(* Fix $\varepsilon\in(0,\nu_* )$ and $\xi\in\mathbb R$, let $r^\varepsilon(\cdot,\xi)\in C^1([\varepsilon,\nu_*])$ be real-valued, and let $h^\varepsilon(\cdot,\xi)\in C^2([\varepsilon,\nu_*])$ be the unique solution of $$h^\varepsilon_{\nu\nu}+k'(\nu)^2\xi^2h^\varepsilon=r^\varepsilon\ \text{ on }[\varepsilon,\nu_*],\qquad h^\varepsilon(\varepsilon,\xi)=h^\varepsilon_\nu(\varepsilon,\xi)=0.$$ Then there exists $C>0$ independent of $(\varepsilon,\xi,r^\varepsilon)$ such that, for $\nu\in[\varepsilon,\nu_*]$ and $\xi\neq0$, $$h^\varepsilon_\nu(\nu,\xi)^2+k'(\nu)^2\xi^2h^\varepsilon(\nu,\xi)^2\le C\sum_{j=1}^3I_j^\varepsilon(\nu,\xi),$$ where $I_1^\varepsilon=k'(\nu)^{-2}\xi^{-2}r^\varepsilon(\nu,\xi)^2$, $I_2^\varepsilon=\xi^{-2}\int_\varepsilon^\nu k'(\tau)^{-2}r^\varepsilon(\tau,\xi)^2d\tau$, $I_3^\varepsilon=\xi^{-2}\int_\varepsilon^\nu\frac{r^\varepsilon_\nu(\tau,\xi)^2}{|k'(\tau)k''(\tau)|+k'(\tau)^2}d\tau$. In addition, for every $\xi\in\mathbb R$ and $\nu\in[\varepsilon,\nu_*]$, $$h^\varepsilon_\nu(\nu,\xi)^2+k'(\nu)^2\xi^2h^\varepsilon(\nu,\xi)^2\le C\,\nu\int_\varepsilon^\nu r^\varepsilon(\tau,\xi)^2d\tau,$$ with $C>0$ independent of $(\varepsilon,\xi,r^\varepsilon)$.
   Context: Standing setting ($\gamma=3$): $\varrho(\nu)$ is the inverse of $\nu(\varrho)=\int_0^\varrho\frac{\tau^2}{1-\tau^2}d\tau$, $\nu_{\rm cr}=\nu(1/\sqrt2)$, and $k$ is defined on $[0,\nu_{\rm cr}]$ by $k(0)=0$, $k'(\nu)=\sqrt{1-2\varrho(\nu)^2}/\varrho(\nu)^2$. In particular $k'>0$ and $k''<0$ on $(0,\nu_{\rm cr})$. $\nu_*\in(0,\nu_{\rm cr})$ is fixed. *)

From Stdlib Require Import Reals Lra ClassicalEpsilon.
From Coquelicot Require Import Coquelicot.
Open Scope R_scope.

Definition nu_of_rho (r : R) : R := RInt (fun t => t ^ 2 / (1 - t ^ 2)) 0 r.

(* rho(nu): the inverse of nu_of_rho on [0,1) (nu_of_rho is strictly
   increasing there, so the value is unique when it exists). *)
Definition rho (nu : R) : R :=
  epsilon (inhabits 0) (fun r => 0 <= r < 1 /\ nu_of_rho r = nu).

Definition nu_cr : R := nu_of_rho (/ sqrt 2).

Definition kp (nu : R) : R := sqrt (1 - 2 * rho nu ^ 2) / rho nu ^ 2.

Definition kpp (nu : R) : R := Derive kp nu.

Definition cont_within (a b : R) (f : R -> R) (x : R) : Prop :=
  filterlim f (within (fun y => a <= y <= b) (locally x)) (locally (f x)).

Definition C1_on (a b : R) (f df : R -> R) : Prop :=
  (forall x, a < x < b -> is_derive f x (df x)) /\
  (forall x, a <= x <= b -> cont_within a b f x /\ cont_within a b df x).

Definition C2_on (a b : R) (f df d2f : R -> R) : Prop :=
  C1_on a b f df /\ C1_on a b df d2f.

(* Along a solution, the energy E = h_nu^2 + k'^2 xi^2 h^2 satisfies
   E' = 2 h_nu r + 2 k' k'' xi^2 h^2 with k' k'' < 0.  Absorbing
   2 h_nu r <= E / nu + nu r^2 and applying Gronwall with rate 1/nu on
   [eps, nu] gives E(nu) <= e nu \int r^2.
   For the weighted bound use the modified energy M = E - 2 h r, whose
   derivative 2 k' k'' xi^2 h^2 - 2 h r_nu no longer contains h_nu r.  The term
   2 h r_nu is absorbed by AM-GM with weight (|k' k''| + k'^2) xi^2, which leaves
   at most k'^2 xi^2 h^2 <= 2 M + 4 r^2 / (k'^2 xi^2); Gronwall with rate 2 then
   bounds M, and E <= 2 M + 4 r^2 / (k'^2 xi^2) gives the claim. *)

From Stdlib Require Import Reals Lra ClassicalEpsilon.
From Coquelicot Require Import Coquelicot.
Open Scope R_scope.

Definition nu_integrand (t : R) : R := t ^ 2 / (1 - t ^ 2).

Lemma nu_integrand_pos (t : R) : 0 < t < 1 -> 0 < nu_integrand t.
Proof. intros Ht. unfold nu_integrand. apply Rdiv_lt_0_compat; nra. Qed.

Lemma nu_integrand_nonneg (t : R) : 0 <= t < 1 -> 0 <= nu_integrand t.
Proof.
  intros Ht. unfold nu_integrand.
  apply Rmult_le_pos; [nra | apply Rlt_le, Rinv_0_lt_compat; nra].
Qed.

Lemma continuous_nu_integrand (t : R) : -1 < t < 1 -> continuous nu_integrand t.
Proof.
  intros Ht. apply (ex_derive_continuous (K := R_AbsRing) (V := R_NormedModule)).
  unfold nu_integrand. auto_derive. nra.
Qed.

Lemma is_derive_nu_of_rho (s : R) : -1 < s < 1 -> is_derive nu_of_rho s (nu_integrand s).
Proof.
  intros Hs. apply (is_derive_RInt nu_integrand _ 0 s).
  - apply (locally_interval _ s (-1) 1); simpl; try lra.
    intros y Hy1 Hy2. apply (RInt_correct (V := R_CompleteNormedModule)).
    apply (ex_RInt_continuous (V := R_CompleteNormedModule)).
    intros z Hz. apply continuous_nu_integrand.
    split; [apply Rlt_le_trans with (Rmin 0 y) | apply Rle_lt_trans with (Rmax 0 y)];
      try lra; unfold Rmin, Rmax; destruct Rle_dec; lra.
  - apply continuous_nu_integrand; exact Hs.
Qed.

Lemma continuity_pt_nu_of_rho (s : R) : -1 < s < 1 -> continuity_pt nu_of_rho s.
Proof.
  intros Hs. apply continuity_pt_filterlim.
  apply (ex_derive_continuous (K := R_AbsRing) (V := R_NormedModule)).
  eexists. apply is_derive_nu_of_rho, Hs.
Qed.

Lemma nu_of_rho_0 : nu_of_rho 0 = 0.
Proof. apply (RInt_point (V := R_CompleteNormedModule)). Qed.

Lemma nu_of_rho_MVT (a b : R) : 0 <= a < b -> b < 1 ->
  exists c, a <= c <= b /\ nu_of_rho b - nu_of_rho a = nu_integrand c * (b - a).
Proof.
  intros Hab Hb.
  destruct (MVT_gen nu_of_rho a b nu_integrand) as [c [Hc Heq]];
    rewrite Rmin_left, Rmax_right in * by lra.
  - intros x Hx. apply is_derive_nu_of_rho. lra.
  - intros x Hx. apply continuity_pt_nu_of_rho. lra.
  - exists c. split; assumption.
Qed.

(* [nu_integrand] vanishes at [0], so strictness comes from [[(a + b) / 2, b]]. *)
Lemma nu_of_rho_lt (a b : R) : 0 <= a < b -> b < 1 -> nu_of_rho a < nu_of_rho b.
Proof.
  intros Hab Hb. set (m := (a + b) / 2).
  destruct (nu_of_rho_MVT a m) as [c [Hc Hac]]; [unfold m; lra | unfold m; lra |].
  destruct (nu_of_rho_MVT m b) as [d [Hd Hmd]]; [unfold m; lra | lra |].
  assert (0 <= nu_integrand c) by (apply nu_integrand_nonneg; unfold m in *; lra).
  assert (0 < nu_integrand d) by (apply nu_integrand_pos; unfold m in *; lra).
  unfold m in *. nra.
Qed.

Definition rho_cr : R := / sqrt 2.

Lemma rho_cr_bounds : 0 < rho_cr < 1 /\ rho_cr ^ 2 = / 2.
Proof.
  unfold rho_cr. assert (H2 : 1 < sqrt 2) by (rewrite <- sqrt_1; apply sqrt_lt_1; lra).
  assert (Hs : sqrt 2 * sqrt 2 = 2) by (apply sqrt_sqrt; lra).
  repeat split.
  - apply Rinv_0_lt_compat; lra.
  - rewrite <- Rinv_1. apply Rinv_lt_contravar; lra.
  - simpl. rewrite Rmult_1_r, <- Rinv_mult, Hs. reflexivity.
Qed.

Lemma nu_cr_pos : 0 < nu_cr.
Proof.
  destruct rho_cr_bounds as [Hcr _]. rewrite <- nu_of_rho_0.
  apply nu_of_rho_lt; unfold rho_cr in *; lra.
Qed.

Lemma nu_of_rho_onto (x : R) : 0 <= x <= nu_cr ->
  exists s, 0 <= s <= rho_cr /\ nu_of_rho s = x.
Proof.
  intros Hx. destruct rho_cr_bounds as [Hcr _].
  destruct (Req_dec x 0) as [-> | Hx0]; [exists 0; split; [lra | apply nu_of_rho_0] |].
  destruct (Req_dec x nu_cr) as [-> | Hx1]; [exists rho_cr; split; [lra | reflexivity] |].
  destruct (Ranalysis5.IVT_interv (fun s => nu_of_rho s - x) 0 rho_cr) as [s [Hs Hsx]].
  - intros s Hs. apply continuity_pt_minus;
      [apply continuity_pt_nu_of_rho; lra | apply continuity_pt_const; intros u v; reflexivity].
  - lra.
  - rewrite nu_of_rho_0. lra.
  - unfold nu_cr in *. fold rho_cr in *. lra.
  - exists s. split; [lra | cbv beta in Hsx; lra].
Qed.

Lemma rho_spec (x : R) : 0 <= x <= nu_cr -> 0 <= rho x <= rho_cr /\ nu_of_rho (rho x) = x.
Proof.
  intros Hx. destruct rho_cr_bounds as [Hcr _].
  destruct (nu_of_rho_onto x Hx) as [s [Hs Hsx]].
  assert (He : 0 <= rho x < 1 /\ nu_of_rho (rho x) = x).
  { unfold rho. apply epsilon_spec. exists s. split; [lra | exact Hsx]. }
  split; [split | apply He]; [apply He |].
  destruct (Rle_lt_dec (rho x) rho_cr) as [| Hlt]; [assumption |].
  pose proof (nu_of_rho_lt rho_cr (rho x) ltac:(lra) ltac:(lra)).
  unfold nu_cr in Hx. fold rho_cr in Hx. lra.
Qed.

Lemma rho_bounds (x : R) : 0 < x < nu_cr -> 0 < rho x < rho_cr.
Proof.
  intros Hx. destruct (rho_spec x) as [[H1 H2] H3]; [lra |].
  split.
  - destruct H1 as [| H1]; [assumption |]. rewrite <- H1, nu_of_rho_0 in H3. lra.
  - destruct H2 as [| H2]; [assumption |]. rewrite H2 in H3. unfold nu_cr in Hx; fold rho_cr in Hx. lra.
Qed.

________________________

Scan the data above and copy each line containing the word "rate".

   2 h_nu r <= E / nu + nu r^2 and applying Gronwall with rate 1/nu on
   at most k'^2 xi^2 h^2 <= 2 M + 4 r^2 / (k'^2 xi^2); Gronwall with rate 2 then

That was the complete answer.